The SNPE SDK comes with a bunch of optimization plans inbuilt for running DLC models on Qualcomm hardware. Some considerations when trying to optimize performance without altering the exisiting DLC model:
- Utilizing UserBuffer to avoid additional copies of data in/out of SNPE SDK by directly reading and writing to the buffers directly
- It is more efficient to move data in/out of tensors than to use iterators.
- Tensors must be manipulated in a UserBuffer before/after going into a network.
- For Tensorflow based models, optimize Tensorflow graphs prior to generating a DLC file
- Set the performance profile to HIGH_PERFORMANCE when executing DLC files
- Disable profiling information in production environment
- Smaller networks may run faster on CPU than GPU due to GPU memory overheads.
- Run input preprocessing steps like scaling, conversions, crop etc prior to passing inputs to SNPE SDK when running on DSP. They are not optimized to run on DSP runtime.
- For DSP V68 version and above, enabling the init cache mode is recommended.

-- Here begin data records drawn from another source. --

Lemma card_sphere x k : #|[set z | hamming x z == k]| = 'C(n, k) * (q - 1) ^ k.
Proof.
rewrite -sum1_card (partition_big (diffset x) (fun A => #|A| == k)) /=;
  last by move=> z; rewrite inE.
rewrite -[in RHS](card_ord n) -card_draws -sum_nat_const.
apply: eq_big => [A|A /eqP <-]; first by rewrite inE.
rewrite -(card_diffset_eq x) -sum1_card; apply: eq_bigl => z; rewrite !inE hammingE.
by case: (diffset x z =P A) => [->|_]; rewrite ?eqxx ?andbF.
Qed.

Lemma card_ball x r : #|ball x r| = Vq q n r.
Proof.
elim: r => [|r IH].
  by rewrite /Vq big_nat1 -(card_sphere x); apply: eq_card => z; rewrite !inE leqn0.
have -> : ball x r.+1 = ball x r :|: [set z | hamming x z == r.+1].
  by apply/setP => z; rewrite !inE leq_eqVlt ltnS orbC.
rewrite cardsU IH card_sphere /Vq [RHS]big_nat_recr //=.
have -> : ball x r :&: [set z | hamming x z == r.+1] = set0.
  by apply/setP => z; rewrite !inE; case: eqP => [->|]; rewrite ?ltnn ?andbF.
by rewrite cards0 subn0.
Qed.

End Hamming.

Lemma Vq_gt0 q n t : 0 < Vq q n t.
Proof. by rewrite /Vq big_nat_recl // bin0 expn0 mul1n. Qed.

Lemma Vq_leq_pow q n k : 0 < n -> 0 < q -> Vq q n k <= k.+1 * (n * q) ^ k.
Proof.
move=> n_gt0 q_gt0; rewrite /Vq.
apply: leq_trans (_ : \sum_(0 <= i < k.+1) (n * q) ^ k <= _); last first.
  by rewrite sum_nat_const_nat subn0.
rewrite big_nat [X in _ <= X]big_nat; apply: leq_sum => i /andP[_ lt_ik].
apply: leq_trans (_ : (n * q) ^ i <= _); last by rewrite leq_pexp2l ?muln_gt0 ?n_gt0.
rewrite expnMn leq_mul ?bin_leq_exp //.
by case: i {lt_ik} => [|i]; rewrite ?expn0 // leq_exp2r // leq_subr.
Qed.

(* Termwise, (n - i) C(n,i) = (i+1) C(n,i+1) and n <= 2 (n - i) for i < t <= n/2. *)
Lemma Vq_pred q n t s : 1 < q -> 2 * t <= n -> 0 < s <= t ->
  n * Vq q n s.-1 <= 2 * t * Vq q n s.
Proof.
move=> q_gt1 tn /andP[s_gt0 st]; rewrite /Vq prednK // big_nat_recl // mulnDr.
apply: leq_trans (leq_addl _ _); rewrite !big_distrr /=.
rewrite big_nat [X in _ <= X]big_nat; apply: leq_sum => i /andP[_ lt_is].
rewrite !mulnA; apply: leq_mul; last by rewrite leq_pexp2l //; lia.
apply: leq_trans (_ : 2 * ((n - i) * 'C(n, i)) <= _).
  by rewrite mulnA leq_mul //; lia.
by rewrite -mul_bin_left mulnA leq_mul //; lia.
Qed.

Lemma Vq_subn q n t j : 1 < q -> 2 * t <= n -> j <= t ->
  n ^ j * Vq q n (t - j) <= (2 * t) ^ j * Vq q n t.
Proof.
move=> q_gt1 tn; elim: j => [|j IH] jt; first by rewrite subn0.
rewrite subnS !expnS -mulnA (mulnCA n).
apply: leq_trans (_ : n ^ j * (2 * t * Vq q n (t - j)) <= _).
  by rewrite leq_mul // Vq_pred //; lia.
by rewrite mulnCA -[X in _ <= X]mulnA leq_mul // IH //; lia.
Qed.

Section BallIntersection.
Variables q n t : nat.
Implicit Types x y z : word q n.

Lemma ballI_neq0_hamming x y : 0 < #|ball x t :&: ball y t| -> hamming x y <= 2 * t.
Proof.
case/card_gt0P => z; rewrite !inE (hammingC y) => /andP[xz zy].
by have := hamming_triangle x y z; lia.
Qed.

(* A point of both balls is determined by its coordinates inside and outside D = diffset x y;
   outside D it lies in a smaller ball around x, since it spends at least |D|/2 of its
   budget of t differences inside D. *)
Lemma card_ballI x y :
  #|ball x t :&: ball y t| <= q ^ hamming x y * Vq q n (t - uphalf (hamming x y)).
Proof.
rewrite hammingE; set D := diffset x y; set A := ball x t :&: ball y t.
pose outD z : word q n := [ffun i => if i \in D then x i else z i].
pose inD z : word q n := [ffun i => if i \in D then z i else x i].
have inj_split : {in A &, injective (fun z => (outD z, inD z))}.
  move=> z1 z2 _ _ [e1 e2]; apply/ffunP => i.
  have := congr1 (fun f : word q n => f i) e1; have := congr1 (fun f : word q n => f i) e2.
  by rewrite !ffunE; case: (i \in D).
rewrite -(card_in_imset inj_split).
apply: leq_trans (_ : #|setX (ball x (t - uphalf #|D|)) [set w | diffset x w \subset D]|
                       <= _); last by rewrite cardsX card_ball mulnC leq_mul ?card_diffset_sub.
apply: subset_leq_card; apply/subsetP => _ /imsetP[z zA ->].
move: zA; rewrite !inE !hammingE => /andP[xz yz]; apply/andP; split; last first.
  by apply/subsetP => i; rewrite !inE ffunE !inE; case: (x i =P y i) => _ /=; rewrite ?eqxx.
have -> : diffset x (outD z) = diffset x z :\: D.
  by apply/setP => i; rewrite !inE ffunE !inE; case: (x i =P y i); rewrite ?eqxx ?andbT ?andbF.
have eqDc : diffset y z :\: D = diffset x z :\: D.
  by apply/setP => i; rewrite !inE; case: (x i =P y i) => [->|].
have := cardsID D (diffset x z); have := cardsID D (diffset y z); rewrite eqDc.
have : #|D| <= #|diffset x z :&: D| + #|diffset y z :&: D|.
  apply: leq_trans (_ : #|(diffset x z :&: D) :|: (diffset y z :&: D)| <= _); last first.
    by rewrite cardsU leq_subr.
  apply: subset_leq_card; apply/subsetP => i; rewrite !inE.
  case: (x i =P y i) => //= ne _; rewrite !andbT.
  by case: (x i =P z i) => //= e; rewrite -e; apply/eqP => e'; apply: ne.
move=> cover eqy eqx; suff : #|D| <= (t - #|diffset x z :\: D|).*2.
  by rewrite -leq_uphalf_double; lia.
lia.
Qed.

End BallIntersection.

Section DoubleCounting.
Variables (q n t : nat) (S : {set word q n}).

Lemma card_setIS (A : {set word q n}) : #|A :&: S| = \sum_(y in S) (y \in A).
Proof.
rewrite card_sum_mem [RHS]big_mkcond /=; apply: eq_bigr => y _; rewrite inE.
by case: (y \in S); rewrite ?andbT ?andbF.
Qed.

Lemma sum_card_ballIS : \sum_z #|ball z t :&: S| = #|S| * Vq q n t.
Proof.
rewrite (eq_bigr _ (fun z _ => card_setIS (ball z t))) exchange_big /=.
rewrite -sum_nat_const; apply: eq_bigr => y _.
by rewrite -(card_ball y t) card_sum_mem; apply: eq_bigr => z _; rewrite mem_ballC.
Qed.

Lemma sum_sqr_card_ballIS : \sum_z #|ball z t :&: S| ^ 2 =
  \sum_(x in S) \sum_(y in S) #|ball x t :&: ball y t|.
Proof.
rewrite (eq_bigr (fun z => \sum_(x in S) \sum_(y in S) ((x \in ball z t) * (y \in ball z t))));
  last first.
  move=> z _; rewrite card_setIS -mulnn big_distrl /=; apply: eq_bigr => x _.
  by rewrite big_distrr.
rewrite exchange_big /=; apply: eq_bigr => x _.
rewrite exchange_big /=; apply: eq_bigr => y _.
rewrite card_sum_mem; apply: eq_bigr => z _.
by rewrite (mem_ballC z x) (mem_ballC z y) mulnb [in RHS]inE.
Qed.

Lemma deg_inE x : deg_in t S x = \sum_(y in S) Gadj t x y.
Proof.
rewrite /deg_in card_sum_mem [RHS]big_mkcond /=; apply: eq_bigr => y _; rewrite inE.
by case: (y \in S).
Qed.

End DoubleCounting.

Lemma leq_mul_exp_lower a b c d i j : 0 < a -> b <= a -> i <= j ->
  a ^ j * c <= b ^ j * d -> a ^ i * c <= b ^ i * d.
Proof.
move=> a_gt0 ba ij; rewrite -(subnKC ij) !expnD -!mulnA => le_j.
rewrite -(@leq_pmul2l (a ^ (j - i))) ?expn_gt0 ?a_gt0 // mulnCA.
apply: leq_trans le_j _; rewrite mulnCA leq_mul2r; apply/orP; right.
by case: (j - i) => [|k] //; rewrite leq_exp2r.
Qed.

Section PairBound.
Variables q n t : nat.
Hypotheses (q_gt1 : 1 < q) (n_gt0 : 0 < n) (t_small : t * t <= 100 * n)
  (r_le_n : 2 * t * q ^ 2 <= n).
Local Notation V := (Vq q n t).
Local Notation M x y := #|ball x t :&: ball y t|.
Local Notation r := (2 * t * q ^ 2).
Implicit Types x y : word q n.

Lemma card_ballI_decay x y : 0 < M x y ->
  n ^ uphalf (hamming x y) * M x y <= r ^ uphalf (hamming x y) * V.
Proof.
move=> M_gt0; have d_le := ballI_neq0_hamming M_gt0.
set d := hamming x y in d_le *; set j := uphalf d.
have jt : j <= t by rewrite /j leq_uphalf_double -mul2n.
have dj : d <= 2 * j by rewrite mul2n -leq_uphalf_double.
apply: leq_trans (_ : n ^ j * (q ^ d * Vq q n (t - j)) <= _).
  by rewrite leq_mul2l card_ballI orbT.
rewrite mulnCA; apply: leq_trans (_ : q ^ d * ((2 * t) ^ j * V) <= _).
  rewrite leq_mul2l Vq_subn ?orbT //.
  by apply: leq_trans r_le_n; rewrite leq_pmulr ?expn_gt0; lia.
rewrite mulnA leq_mul2r [r ^ j]expnMn [q ^ d * _]mulnC leq_mul2l -expnM leq_pexp2l ?orbT //; lia.
Qed.

Lemma card_ballI_bound x y :
  n ^ 3 * M x y <=
  ((hamming x y <= 2) * n ^ 3 + (hamming x y <= 4) * (400 * n ^ 2 * q ^ 4)
   + Gadj t x y * r ^ 3) * V.
Proof.
have [->|M_gt0] := posnP (M x y); first by rewrite muln0.
have M_le : M x y <= V by rewrite -(card_ball x t) subset_leq_card ?subsetIl.
case: (leqP (hamming x y) 2) => [_|d_gt2].
  apply: leq_trans (_ : n ^ 3 * V <= _); first by rewrite leq_mul2l M_le orbT.
  by rewrite mul1n -addnA mulnDl leq_addr.
have := card_ballI_decay M_gt0; case: (leqP (hamming x y) 4) => [d_le4|d_gt4].
  have -> : uphalf (hamming x y) = 2 by move: d_gt2 d_le4; case: hamming => [|[|[|[|[|]]]]].
  move=> decay; rewrite mul0n mul1n add0n mulnDl.
  apply: leq_trans (leq_addr _ _).
  apply: leq_trans (_ : n * (r ^ 2 * V) <= _).
    by rewrite expnS -mulnA leq_mul2l decay orbT.
  have -> : r ^ 2 = 4 * (t * t) * q ^ 4 by rewrite (expnM q 2 2); lia.
  by move: (t * t) (q ^ 4) V t_small => T Q W; nia.
have -> : Gadj t x y.
  by rewrite /Gadj ballI_neq0_hamming // andbT; apply: contraTneq d_gt4 => ->; rewrite hamming_xx.
have j3 : 3 <= uphalf (hamming x y) by rewrite geq_uphalf_double; lia.
rewrite mul0n !mul1n !add0n.
exact: leq_mul_exp_lower n_gt0 r_le_n j3.
Qed.

End PairBound.

Section SumBound.
Variables (q n t : nat) (S : {set word q n}).

Lemma sum_hamming_leq x k : \sum_(y in S) (hamming x y <= k) <= Vq q n k.
Proof.
apply: leq_trans (_ : #|ball x k :&: S| <= _).
  by rewrite card_setIS; apply: eq_leq; apply: eq_bigr => y _; rewrite inE.
by rewrite -(card_ball x k) subset_leq_card ?subsetIl.
Qed.

Hypotheses (q_gt1 : 1 < q) (n_gt0 : 0 < n) (t_small : t * t <= 100 * n)
  (r_le_n : 2 * t * q ^ 2 <= n).

Lemma sum_card_ballI_bound x : x \in S ->
  n ^ 3 * \sum_(y in S) #|ball x t :&: ball y t| <=
  (Vq q n 2 * n ^ 3 + Vq q n 4 * (400 * n ^ 2 * q ^ 4) + maxdeg t S * (2 * t * q ^ 2) ^ 3)
  * Vq q n t.
Proof.
move=> xS; rewrite big_distrr /=.
apply: leq_trans; first by apply: leq_sum => y _; exact: card_ballI_bound.
rewrite -big_distrl /= leq_mul2r; apply/orP; right.
rewrite !big_split /= -!big_distrl /= -deg_inE.
rewrite !leq_add ?leq_mul ?sum_hamming_leq //.
by rewrite /maxdeg (bigD1 x) //= leq_maxl.
Qed.

End SumBound.

Lemma Vq_small_radii_leq q n : 0 < n -> 0 < q ->
  Vq q n 2 * n ^ 3 + Vq q n 4 * (400 * n ^ 2 * q ^ 4) <= 2003 * n ^ 6 * q ^ 8.
Proof.
move=> n_gt0 q_gt0.
have V2 := Vq_leq_pow 2 n_gt0 q_gt0; have V4 := Vq_leq_pow 4 n_gt0 q_gt0.
apply: leq_trans (leq_add (leq_mul V2 (leqnn _)) (leq_mul V4 (leqnn _))) _.
have n56 : n ^ 5 <= n ^ 6 by rewrite leq_pexp2l.
have q28 : q ^ 2 <= q ^ 8 by rewrite leq_pexp2l.
have -> : 3 * (n * q) ^ 2 * n ^ 3 = 3 * n ^ 5 * q ^ 2 by ring.
have -> : 5 * (n * q) ^ 4 * (400 * n ^ 2 * q ^ 4) = 2000 * n ^ 6 * q ^ 8 by ring.
nia.
Qed.

Lemma sum_card_ballI_leq q n t (S : {set word q n}) :
  1 < q -> 0 < n -> t * t <= 100 * n -> 2 * t * q ^ 2 <= n ->
  n ^ 3 * (#|S| * Vq q n t) ^ 2 <=
  q ^ n * (#|S| * Vq q n t * (2003 * n ^ 6 * q ^ 8 + maxdeg t S * (2 * t * q ^ 2) ^ 3)).
Proof.
move=> q_gt1 n_gt0 t_small r_le_n.
have cs := sqr_sum_leq (fun z : word q n => #|ball z t :&: S|).
rewrite sum_card_ballIS sum_sqr_card_ballIS card_ffun !card_ord in cs.
apply: leq_trans (_ : n ^ 3 * (q ^ n * \sum_(x in S) \sum_(y in S) #|ball x t :&: ball y t|)
                      <= _); first by rewrite leq_mul2l cs orbT.
rewrite mulnCA leq_mul2l big_distrr -mulnA (mulnC (Vq q n t)) -sum_nat_const; apply/orP; right.
apply: leq_sum => x xS; apply: leq_trans (sum_card_ballI_bound q_gt1 n_gt0 t_small r_le_n xS) _.
by rewrite leq_mul2r leq_add2r Vq_small_radii_leq ?orbT //; lia.
Qed.

Lemma maxdeg_lower_nat q n t (S : {set word q n}) :
  1 < q -> 4006 * q ^ 8 <= n -> t * t <= 100 * n -> n ^ 4 * q ^ n <= #|S| * Vq q n t ->
  n ^ 3 * (#|S| * Vq q n t) <= 2 * q ^ n * maxdeg t S * (2 * t * q ^ 2) ^ 3.
Proof.
move=> q_gt1 n_large t_small S_large.
have q8_gt0 : 0 < q ^ 8 by rewrite expn_gt0; lia.
have n_gt0 : 0 < n by lia.
have r_le_n : 2 * t * q ^ 2 <= n.
  rewrite -leq_sqr (_ : (2 * t * q ^ 2) ^ 2 = 4 * (t * t) * q ^ 4); last by ring.
  have : q ^ 4 <= q ^ 8 by rewrite leq_pexp2l //; lia.
  by move: (t * t) (q ^ 4) (q ^ 8) t_small n_large => T Q4 Q8; nia.
have X_gt0 : 0 < #|S| * Vq q n t.
  by apply: leq_trans S_large; rewrite muln_gt0 !expn_gt0 n_gt0; lia.
set X := #|S| * Vq q n t in S_large X_gt0 *; set K := 2003 * n ^ 6 * q ^ 8.
have le_X : n ^ 3 * X <= q ^ n * (K + maxdeg t S * (2 * t * q ^ 2) ^ 3).
  rewrite -(leq_pmul2l X_gt0) [X * (q ^ n * _)]mulnCA.
  rewrite (_ : X * (n ^ 3 * X) = n ^ 3 * X ^ 2); last by ring.
  exact: sum_card_ballI_leq.
have le_K : 2 * q ^ n * K <= n ^ 3 * X.
  apply: leq_trans (_ : n ^ 3 * (n ^ 4 * q ^ n) <= _); last by rewrite leq_mul2l S_large orbT.
  rewrite /K (_ : n ^ 3 * (n ^ 4 * q ^ n) = n ^ 6 * n * q ^ n); last by ring.
  by move: (n ^ 6) (q ^ 8) (q ^ n) n_large => a b c; nia.
by move: le_X le_K; rewrite mulnDr !mulnA; lia.
Qed.

Import Order.TTheory GRing.Theory Num.Theory.
Local Open Scope ring_scope.

Section RealBounds.
Variable R : realType.

Lemma nat_sqr_leq_of_le_sqrt (n t : nat) :
  t%:R <= 10 * Num.sqrt (n%:R : R) -> (t * t <= 100 * n)%N.
Proof.
move=> le_t; rewrite -(ler_nat R) !natrM.
apply: le_trans (_ : (10 * Num.sqrt (n%:R : R)) ^+ 2 <= _).
  by rewrite -expr2 lerXn2r ?nnegrE ?ler0n //; apply: le_trans le_t.
by rewrite exprMn sqr_sqrtr ?ler0n // -natrX.
Qed.

Lemma card_ge_Hq (q n t s : nat) :
  n%:R ^+ 4 * Hq R q n t <= s%:R -> (n ^ 4 * q ^ n <= s * Vq q n t)%N.
Proof.
by rewrite /Hq mulrA ler_pdivrMr ?ltr0n ?Vq_gt0 // -!natrX -!natrM ler_nat.
Qed.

Considerations when we also want to optimize the DLC file itself:
- Run quantized quantized fixed-point model on the CPU for better performance at the cost of accuracy using
snpe-net-run --container <path_to_quantized_dlc> --input_list <path_to_input_list> --enable_cpu_fxp
- Utilize offline graph caching to reduce initialization time when executing on HTP using
snpe-dlc-graph-prepare
- Quantize DLC model weights using
snpe-dlc-quantize
and use combination of flags--optimizations
,--algorithms
,--param_quantizer
,--act_quantize
,--use_per_channel_quantization
,--use_per_row_quantization